Y aquello parecía decidirlo todo, porque era claro que nada de aquello lo haría por la muchacha un hospital gubernamental.

—Bien, doctor Fox —dijo con un tono más suave—. Contra todo pronóstico, le concederé la custodia de la señorita Midleton. Creo que, dadas las circunstancias, es lo mejor para su bienestar. Pero se le asignará un psiquiatra externo para visitas y un trabajador social que me mantenga pendiente de su progreso.

Graham asintió, conforme.

—Gracias, su Señoría.

El juez se acomodó en su silla y lo observó por un instante más antes de añadir:

—Espero que sepa lo que está haciendo, doctor Fox.

—Créame, Su Señoría, yo también lo espero —aseguró él con humildad, y un segundo después Graham volvía a levantar a su gata bajo el brazo y se la llevaba del tribunal como si de verdad pesara cinco cuatro kilos y no cuarenta y cinco.
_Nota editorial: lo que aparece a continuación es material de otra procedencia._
(* Let $X$ be a separable infinite dimensional Banach space and let $T$ be a bounded linear operator on $X$. If $T$ satisfies the Hypercyclicity Criterion, then $T$ satisfies the $\varepsilon$-Hypercyclicity Criterion for every $\varepsilon>0$.
   Context: $T$ satisfies the Hypercyclicity Criterion if there exist a sequence of integers $(n(k))_k$, two dense sets $\mathcal{D}_1,\mathcal{D}_2\subset X$ and maps $S_{n(k)}:\mathcal{D}_2\to X$ such that $T^{n(k)}x\to0$ for all $x\in\mathcal{D}_1$, $S_{n(k)}y\to0$ for all $y\in\mathcal{D}_2$, and $T^{n(k)}S_{n(k)}y\to y$ for all $y\in\mathcal{D}_2$. For $\varepsilon>0$, $T$ satisfies the $\varepsilon$-Hypercyclicity Criterion if there exist a dense set $\mathcal{D}_1\subset X$, a countable set $\mathcal{D}_2=\{y_k:k\in\mathbb{N}\}\subset X$ (with a fixed enumeration) such that for each $x\in X\setminus\{0\}$ there are infinitely many $k$ with $y_k$ in the closed ball $B(x,\varepsilon\|x\|)$, an increasing sequence $(n(k))_k\subset\mathbb{N}$ and maps $S_{n(k)}:\mathcal{D}_2\to X$ such that $\|T^{n(k)}x\|\to0$ for all $x\in\mathcal{D}_1$, $\|S_{n(k)}y_k\|\to0$, and $\|T^{n(k)}S_{n(k)}y_k-y_k\|\to0$ as $k\to\infty$. *)

From HB Require Import structures.
From mathcomp Require Import all_boot all_order all_algebra.
From mathcomp Require Import all_classical all_reals all_analysis.
Set Implicit Arguments. Unset Strict Implicit. Unset Printing Implicit Defensive.
Import Order.TTheory GRing.Theory Num.Theory.
Import numFieldNormedType.Exports.
Local Open Scope classical_set_scope.
Local Open Scope ring_scope.

Section HC.
Variable K : numFieldType.
Variable X : normedModType K.

Definition separable_space : Prop :=
  exists D : set X, countable D /\ dense D.

Definition infinite_dimensional : Prop :=
  forall n : nat, exists v : 'I_n -> X,
    forall c : 'I_n -> K, \sum_(i < n) c i *: v i = 0 -> forall i, c i = 0.

(* Hypercyclicity Criterion.  T^m x is [iter m T x]; the maps S_{n(k)} are
   [S (n k)], only their values on D2 matter. *)
Definition hypercyclicity_criterion (T : X -> X) : Prop :=
  exists (n : nat -> nat) (D1 D2 : set X) (S : nat -> X -> X),
    dense D1 /\ dense D2 /\
    (forall x, D1 x -> (fun k => iter (n k) T x) @ \oo --> (0 : X)) /\
    (forall y, D2 y -> (fun k => S (n k) y) @ \oo --> (0 : X)) /\
    (forall y, D2 y -> (fun k => iter (n k) T (S (n k) y)) @ \oo --> y).

(* epsilon-Hypercyclicity Criterion.  D2 = {y k | k : nat} with the fixed
   enumeration y; closed ball B(x, r) = {z | `|z - x| <= r}. *)
Definition eps_hypercyclicity_criterion (eps : K) (T : X -> X) : Prop :=
  exists (D1 : set X) (y : nat -> X) (n : nat -> nat) (S : nat -> X -> X),
    dense D1 /\
    (forall x : X, x != 0 ->
       infinite_set [set k : nat | `|y k - x| <= eps * `|x|]) /\
    {homo n : a b / (a < b)%N} /\
    (forall x, D1 x -> (fun k => `|iter (n k) T x|) @ \oo --> (0 : K)) /\
    ((fun k => `|S (n k) (y k)|) @ \oo --> (0 : K)) /\
    ((fun k => `|iter (n k) T (S (n k) (y k)) - y k|) @ \oo --> (0 : K)).
End HC.

From HB Require Import structures.
From mathcomp Require Import all_boot all_order all_algebra.
From mathcomp Require Import all_classical all_reals all_analysis.
From mathcomp Require Import ring.
Import Order.TTheory GRing.Theory Num.Theory.
Import numFieldNormedType.Exports.
Local Open Scope classical_set_scope.
Local Open Scope ring_scope.

(* Since X is separable and D2 is dense, some sequence (u m) in D2 approximates
   every x <> 0 up to the relative error eps; let y list it with every term
   repeated infinitely often.  For each k the defect
   |S_{n j} y_k| + |T^{n j} S_{n j} y_k - y_k| tends to 0 as j -> oo, and a
   diagonal choice j = phi k makes it tend to 0 along k while n (phi k) keeps
   increasing.  The latter is possible because n is unbounded: on a bounded
   range of exponents T^{n j} S_{n j} y -> 0, which would force D2 = {0}. *)

Section Iterates.
Context {K : numFieldType} {X : normedModType K} {T : {linear X -> X}}.
Hypothesis T_cont : continuous T.

Lemma cvg_iter0 i (z : nat -> X) :
  z @ \oo --> 0 -> (fun j => iter i T (z j)) @ \oo --> 0.
Proof.
move=> z0; elim: i => [//|i IHi] /=.
by have := cvg_comp _ _ IHi (T_cont 0); rewrite linear0.
Qed.

Lemma cvg_iter_bounded {B : nat} {m : nat -> nat} {z : nat -> X} :
  z @ \oo --> 0 -> (\forall j \near \oo, (m j <= B)%N) ->
  (fun j => iter (m j) T (z j)) @ \oo --> 0.
Proof.
move=> z0 mB; apply/cvgr0Pnorm_lt => e e_gt0.
have small_iterates : \forall j \near \oo, forall i : 'I_B.+1, `|iter i T (z j)| < e.
  by apply: filter_forall => i; apply: cvgr0_norm_lt => //; exact: cvg_iter0.
near=> j; have mjB : (m j < B.+1)%N by near: j.
suff /(_ (Ordinal mjB)) : forall i : 'I_B.+1, `|iter i T (z j)| < e by [].
by near: j.
Unshelve. all: end_near.
Qed.

Lemma iter_unbounded {n : nat -> nat} {z : nat -> X} {y : X} :
  y != 0 -> z @ \oo --> 0 -> (fun k => iter (n k) T (z k)) @ \oo --> y ->
  forall B, ~ \forall k \near \oo, (n k <= B)%N.
Proof.
move=> /eqP y_neq0 z0 Tz_y B n_bnd; apply: y_neq0.
exact: (cvg_unique _ Tz_y (cvg_iter_bounded z0 n_bnd)).
Qed.

End Iterates.

Section Thresholds.
Context {K : numFieldType}.

Fixpoint running_pos_min (w : nat -> K) (m : nat) : K :=
  if m is m'.+1 then
    if 0 < w m' then Num.min (running_pos_min w m') (w m') else running_pos_min w m'
  else 1.

Lemma running_pos_min_gt0 w m : 0 < running_pos_min w m.
Proof.
elim: m => [|m IHm] //=; case: ifPn => // wm_gt0.
by rewrite comparable_lt_min ?IHm ?wm_gt0 // real_comparable ?gtr0_real.
Qed.

Lemma running_pos_min_cmp w m : 0 < w m -> running_pos_min w m >=< w m.
Proof. by move=> wm_gt0; rewrite real_comparable ?gtr0_real ?running_pos_min_gt0. Qed.

Lemma running_pos_min_nonincr w : nonincreasing_seq (running_pos_min w).
Proof.
apply/nonincreasing_seqP => m /=; case: ifPn => // /(running_pos_min_cmp w) cmp.
by rewrite comparable_ge_min ?lexx.
Qed.

Lemma running_pos_min_le w m : 0 < w m -> running_pos_min w m.+1 <= w m.
Proof.
move=> wm_gt0 /=; rewrite wm_gt0.
by rewrite comparable_ge_min ?lexx ?orbT ?running_pos_min_cmp.
Qed.

(* K need not be archimedean, so thresholds such as 1/k are not available: when
   the positive values of w accumulate at 0, tau is their running minimum along
   an enumeration, otherwise a constant below all of them. *)
Lemma exists_threshold_cvg0 {I : countType} (w : I -> K) :
  (forall i, 0 <= w i) ->
  exists2 tau : nat -> K, (forall k, 0 < tau k) &
    forall b : nat -> K, (forall k, range w (b k)) -> (forall k, b k < tau k) ->
      b @ \oo --> 0.
Proof.
move=> w_ge0.
have [[e0 e0_gt0 w_gap]|no_gap] :=
  pselect (exists2 e0 : K, 0 < e0 & forall i, 0 < w i -> e0 <= w i).
  exists (fun=> e0) => // b b_range b_lt.
  suff -> : b = fun=> 0 by exact: cvg_cst.
  apply: funext => k; have [i _ wi] := b_range k; have := b_lt k.
  rewrite -wi; have := w_ge0 i; rewrite le0r => /orP[/eqP //|/w_gap].
  by move=> /le_lt_trans/[apply]; rewrite ltxx.
have small_value e : 0 < e -> exists i, 0 < w i < e.
  move=> e_gt0; apply: contrapT => none; apply: no_gap; exists e => // i wi_gt0.
  rewrite real_leNgt ?gtr0_real //; apply/negP => wi_lt.
  by apply: none; exists i; rewrite wi_gt0.
pose v m := if unpickle m is Some i then w i else 0.
exists (running_pos_min v) => [k|b b_range b_lt]; first exact: running_pos_min_gt0.
apply/cvgr0Pnorm_lt => e e_gt0.
have [i /andP[wi_gt0 wi_lt]] := small_value e e_gt0.
have vi : v (pickle i) = w i by rewrite /v pickleK.
near=> k.
have [j _ wj] := b_range k.
have k_gt : (pickle i < k)%N by near: k; exact: nbhs_infty_gt.
rewrite ger0_norm -?wj // wj (lt_le_trans (b_lt k)) // (le_trans _ (ltW wi_lt)) //.
apply: le_trans (running_pos_min_nonincr v _ _ k_gt) _.
by rewrite -vi running_pos_min_le ?vi.
Unshelve. all: end_near.
Qed.

End Thresholds.

Lemma increasing_cvgn {phi : nat -> nat} :
  {homo phi : a b / (a < b)%N} -> phi @ \oo --> \oo.
Proof.
move=> phi_incr; have id_le k : (k <= phi k)%N.
  by elim: k => // k IHk; exact: leq_ltn_trans IHk (phi_incr _ _ (ltnSn k)).
apply/cvgnyPge => A; near=> k; apply: leq_trans (id_le k).
by near: k; exact: nbhs_infty_ge.
Unshelve. all: end_near.
Qed.

Lemma diagonal_subsequence {n : nat -> nat} {P : nat -> nat -> Prop} :
  (forall B, ~ \forall j \near \oo, (n j <= B)%N) ->
  (forall k, \forall j \near \oo, P k j) ->
  exists phi : nat -> nat, [/\ {homo phi : a b / (a < b)%N},
    {homo n \o phi : a b / (a < b)%N} & forall k, P k (phi k)].
Proof.
move=> n_unbnd P_near.
have next (p : nat * nat * nat) :
    exists j, [/\ (p.1.2 < j)%N, (p.2 < n j)%N & P p.1.1 j].
  case: p => [[k J] B] /=; apply: contrapT => none; apply: (n_unbnd B).
  near=> j; rewrite leqNgt; apply/negP => Bj; apply: none; exists j; split => //.
    by near: j; exact: nbhs_infty_gt.
  by near: j; exact: P_near.
have /choice[c c_spec] := next.
pose phi := fix phi k := if k is k'.+1 then c (k, phi k', n (phi k')) else c (0, 0, 0)%N.
have phiS k : (phi k < phi k.+1)%N /\ (n (phi k) < n (phi k.+1))%N.
  by case: (c_spec (k.+1, phi k, n (phi k))).
exists phi; split.
- by apply: (homo_ltn ltn_trans) => k; case: (phiS k).
- by apply: (homo_ltn ltn_trans) => k; case: (phiS k).
- by case=> [|k]; [case: (c_spec (0, 0, 0)%N) | case: (c_spec (k.+1, phi k, n (phi k)))].
Unshelve. all: end_near.
Qed.

Lemma diagonal_cvg0 {K : numFieldType} {n : nat -> nat} {a : nat -> nat -> K} :
  (forall B, ~ \forall j \near \oo, (n j <= B)%N) ->
  (forall k j, 0 <= a k j) -> (forall k, a k @ \oo --> 0) ->
  exists phi : nat -> nat, [/\ {homo phi : a b / (a < b)%N},
    {homo n \o phi : a b / (a < b)%N} & (fun k => a k (phi k)) @ \oo --> 0].
Proof.
move=> n_unbnd a_ge0 a_cvg0.
have [tau tau_gt0 tau_cvg0] :=
  exists_threshold_cvg0 (fun p : nat * nat => a p.1 p.2) (fun p => a_ge0 p.1 p.2).
have a_lt_tau k : \forall j \near \oo, a k j < tau k.
  by near=> j; rewrite -[a k j]ger0_norm //; near: j; exact: cvgr0_norm_lt.
have [phi [phi_incr nphi_incr a_phi]] := diagonal_subsequence n_unbnd a_lt_tau.
exists phi; split => //.
by apply: tau_cvg0 => // k; exists (k, phi k).
Unshelve. all: end_near.
Qed.

Lemma squeeze_cvg0 {K : numFieldType} {T : Type} {F : set_system T} {FF : Filter F}
    {u v : T -> K} :
  (forall t, 0 <= u t <= v t) -> v @ F --> 0 -> u @ F --> 0.
Proof.
move=> uv v0; apply/cvgr0Pnorm_lt => e e_gt0.
near=> t; have /andP[u_ge0 u_le] := uv t; have v_ge0 := le_trans u_ge0 u_le.
rewrite ger0_norm // (le_lt_trans u_le) // -(ger0_norm v_ge0).
by near: t; exact: cvgr0_norm_lt.
Unshelve. all: end_near.
Qed.

(* [k] codes a pair [(m, j)] and [repeat_each u k = u m]. *)
Definition repeat_each {T : Type} (u : nat -> T) (k : nat) : T :=
  if @unpickle (nat * nat)%type k is Some (m, _) then u m else u 0%N.

Lemma repeat_each_infinite {T : Type} (u : nat -> T) (m : nat) :
  infinite_set [set k | repeat_each u k = u m].
Proof.
apply/infiniteP/pcard_leP/injfunPex.
exists (fun j => pickle (m, j)) => [j _|i j _ _ /(pcan_inj pickleK) [] //].
by rewrite /= /repeat_each pickleK.
Qed.

Section Density.
Context {K : numFieldType} {X : normedModType K}.

Lemma dense_approx {D : set X} (x : X) {r : K} :
  dense D -> 0 < r -> exists2 d, D d & `|x - d| < r.
Proof.
move=> D_dense r_gt0.
have [d [xd Dd]] : exists d, ball x r d /\ D d :=
  D_dense _ (ex_intro _ x (ballxx x r_gt0)) (ball_open x r).
by exists d => //; move: xd; rewrite -ball_normE.
Qed.

Lemma dense_neq0 {D : set X} {x : X} : dense D -> x != 0 -> exists2 d, D d & d != 0.
Proof.
move=> D_dense x_neq0; have x_gt0 : 0 < `|x| by rewrite normr_gt0.
have [d Dd xd] := dense_approx x D_dense x_gt0.
by exists d => //; apply: contraTneq xd => ->; rewrite subr0 ltxx.
Qed.

Lemma infinite_dimensional_neq0 : infinite_dimensional X -> exists x : X, x != 0.
Proof.
move=> /(_ 1%N)[v v_free]; exists (v ord0); apply/eqP => v0.
have := v_free (fun=> 1) _ ord0; rewrite big_ord1 scale1r => /(_ v0) /eqP.
by rewrite oner_eq0.
Qed.

Lemma rel_approx_trans {u d x : X} {c r : K} :
  0 <= c -> `|u - d| <= c * `|d| -> `|d - x| <= r * `|x| ->
  `|u - x| <= (c + r + c * r) * `|x|.
Proof.
move=> c_ge0 ud dx.
have d_le : `|d| <= `|x| + r * `|x|.
  by rewrite -[d](subrK x) (le_trans (ler_normD _ _)) // addrC lerD2l.
apply: le_trans (ler_distD d u x) _; apply: le_trans (lerD ud dx) _.
have -> : (c + r + c * r) * `|x| = c * (`|x| + r * `|x|) + r * `|x| by ring.
by rewrite lerD2r ler_wpM2l.
Qed.

(* Approximate x by a point g m of a countable dense set to relative error
   r = c / (1 + c), then g m by u m in D2 to relative error c = eps / 2;
   the errors compose to c + r + c * r = eps. *)
Lemma relatively_dense_seq {D2 : set X} {eps : K} :
  separable_space X -> dense D2 -> 0 < eps ->
  exists2 u : nat -> X, (forall m, D2 (u m)) &
    forall x, x != 0 -> exists m, `|u m - x| <= eps * `|x|.
Proof.
move=> [D [D_countable D_dense]] D2_dense eps_gt0.
have /pcard_surjP[g D_range] := D_countable.
pose c := eps / 2; have c_gt0 : 0 < c by rewrite divr_gt0.
have /choice[u u_spec] :
    forall m, exists z, D2 z /\ (g m != 0 -> `|z - g m| <= c * `|g m|).
  move=> m; have [gm0|gm_neq0] := eqVneq (g m) 0.
    have [z D2z _] := dense_approx 0 D2_dense ltr01.
    by exists z; split => //; rewrite gm0 eqxx.
  have gm_gt0 : 0 < c * `|g m| by rewrite mulr_gt0 ?normr_gt0.
  have [z D2z gmz] := dense_approx (g m) D2_dense gm_gt0.
  by exists z; split => // _; rewrite distrC ltW.
exists u => [m|x x_neq0]; first by case: (u_spec m).
pose r := c / (1 + c).
have r_lt1 : r < 1 by rewrite ltr_pdivrMr ?mul1r ?ltrDr // addr_gt0.
have rx_gt0 : 0 < r * `|x| by rewrite mulr_gt0 ?normr_gt0 ?divr_gt0 ?addr_gt0.
have [d Dd xd] := dense_approx x D_dense rx_gt0.
have [m _ gmd] := D_range d Dd.
have d_neq0 : d != 0.
  by apply: contraTneq xd => ->; rewrite subr0 ltr_pMl ?normr_gt0 // lt_gtF.
have u_gm : `|u m - g m| <= c * `|g m| by case: (u_spec m) => _; apply; rewrite gmd.
have gm_x : `|g m - x| <= r * `|x| by rewrite gmd distrC ltW.
exists m; apply: le_trans (rel_approx_trans (ltW c_gt0) u_gm gm_x) _.
suff -> : c + r + c * r = eps by [].
by rewrite /r /c; field; rewrite lt0r_neq0 // addr_gt0.
Qed.

End Density.

Theorem proposition3p4 (K : numFieldType) (X : completeNormedModType K)
  (T : {linear X -> X}) :
  separable_space X -> infinite_dimensional X -> continuous T ->
  hypercyclicity_criterion T ->
  forall eps : K, 0 < eps -> eps_hypercyclicity_criterion eps T.
Proof.
move=> X_sep X_infdim T_cont [n [D1 [D2 [S [D1_dense [D2_dense [T_D1 [S_D2 TS_D2]]]]]]]].
move=> eps eps_gt0.
have [u D2u u_approx] := relatively_dense_seq X_sep D2_dense eps_gt0.
pose y := repeat_each u.
have D2y k : D2 (y k) by rewrite /y /repeat_each; case: unpickle => [[]|].
pose a k j := `|S (n j) (y k)| + `|iter (n j) T (S (n j) (y k)) - y k|.
have a_cvg0 k : a k @ \oo --> 0.
  move/norm_cvg0P: (S_D2 _ (D2y k)) => S_y.
  move/subr_cvg0/norm_cvg0P: (TS_D2 _ (D2y k)) => TS_y.
  by have := cvgD S_y TS_y; rewrite addr0; exact.
have n_unbnd B : ~ \forall j \near \oo, (n j <= B)%N.
  have [x0 x0_neq0] := infinite_dimensional_neq0 X_infdim.
  have [y0 D2y0 y0_neq0] := dense_neq0 D2_dense x0_neq0.
  exact: (iter_unbounded T_cont y0_neq0 (S_D2 _ D2y0) (TS_D2 _ D2y0) B).
have [phi [phi_incr nphi_incr a_phi_cvg0]] :=
  diagonal_cvg0 n_unbnd (fun k j => addr_ge0 (normr_ge0 _) (normr_ge0 _)) a_cvg0.
exists D1, y, (n \o phi), S; split => //; split; [|split => //; split; [|split]].
- move=> x /u_approx[m um]; apply: sub_infinite_set (repeat_each_infinite u m).
  by move=> k; rewrite /= /y => ->.
- move=> x /T_D1 Tx0; apply/norm_cvg0P.
  exact: (cvg_comp _ _ (increasing_cvgn phi_incr) Tx0).
- by apply: (squeeze_cvg0 _ a_phi_cvg0) => k; rewrite normr_ge0 /= /a lerDl.
- by apply: (squeeze_cvg0 _ a_phi_cvg0) => k; rewrite normr_ge0 /= /a lerDr.
Qed.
Mientras salían del juzgado, David Harker no pudo evitar sonreír con un toque de sarcasmo porque Graham Fox siempre parecía salirse con la suya.

—¿Vas a devolverle las galletas al juez? —susurró en tono bajo.

—¿Qué galletas? —respondió Graham con una sonrisa ladina, tomando una del paquete y mostrándosela a Sophi, que se la arrebató de inmediato, masticando con todo el gusto—. Acabo de descubrir la primera cosa que le gusta, ¡voy a mandar a comprar como mil de estas! ¿Verdad, Sophi? ¿Verdad que sí?